Directions:
Repeat the lines of the material below exactly, beginning at the one with "specialize (IH ltac:(lia))." and stopping after the last.

Recorded information:

Lemma C1_on_Icc_lipschitz (f : R -> R) (a b : R) :
  a < b -> continuous_on_Icc f a b -> C1_on_Icc f a b ->
  exists K, 0 <= K /\ lipschitz_on f a b K.
Proof.
  intros Hab Hc [g [Hg Hd]].
  destruct (continuity_ab_maj (fun x => Rabs (g x)) a b ltac:(lra)) as [xm [Hxm _]].
  { intros c _. apply (continuity_pt_comp g Rabs); [apply Hg | apply Rcontinuity_abs]. }
  exists (Rabs (g xm)). split; [apply Rabs_pos |].
  intros s t Hs Hst Ht.
  pose proof (derivative_bound_lipschitz f g a b 0 (Rabs (g xm)) (Rabs_pos _) Hc Hd
                ltac:(intros x Hx; rewrite Rminus_0_r; apply Hxm; lra) s t Hs Hst Ht) as H.
  cbv beta in H. rewrite !Rmult_0_l, !Rminus_0_r in H. exact H.
Qed.

Lemma partition_le (p : nat -> R) (k : nat) :
  (forall i, (i < k)%nat -> p i < p (S i)) ->
  forall i j, (i <= j)%nat -> (j <= k)%nat -> p i <= p j.
Proof.
  intros Hinc i j Hij. induction Hij as [| j Hij IH]; intros Hj; [lra |].
  specialize (IH ltac:(lia)). specialize (Hinc j ltac:(lia)). lra.
Qed.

Response box:
  specialize (IH ltac:(lia)). specialize (Hinc j ltac:(lia)). lra.
Qed.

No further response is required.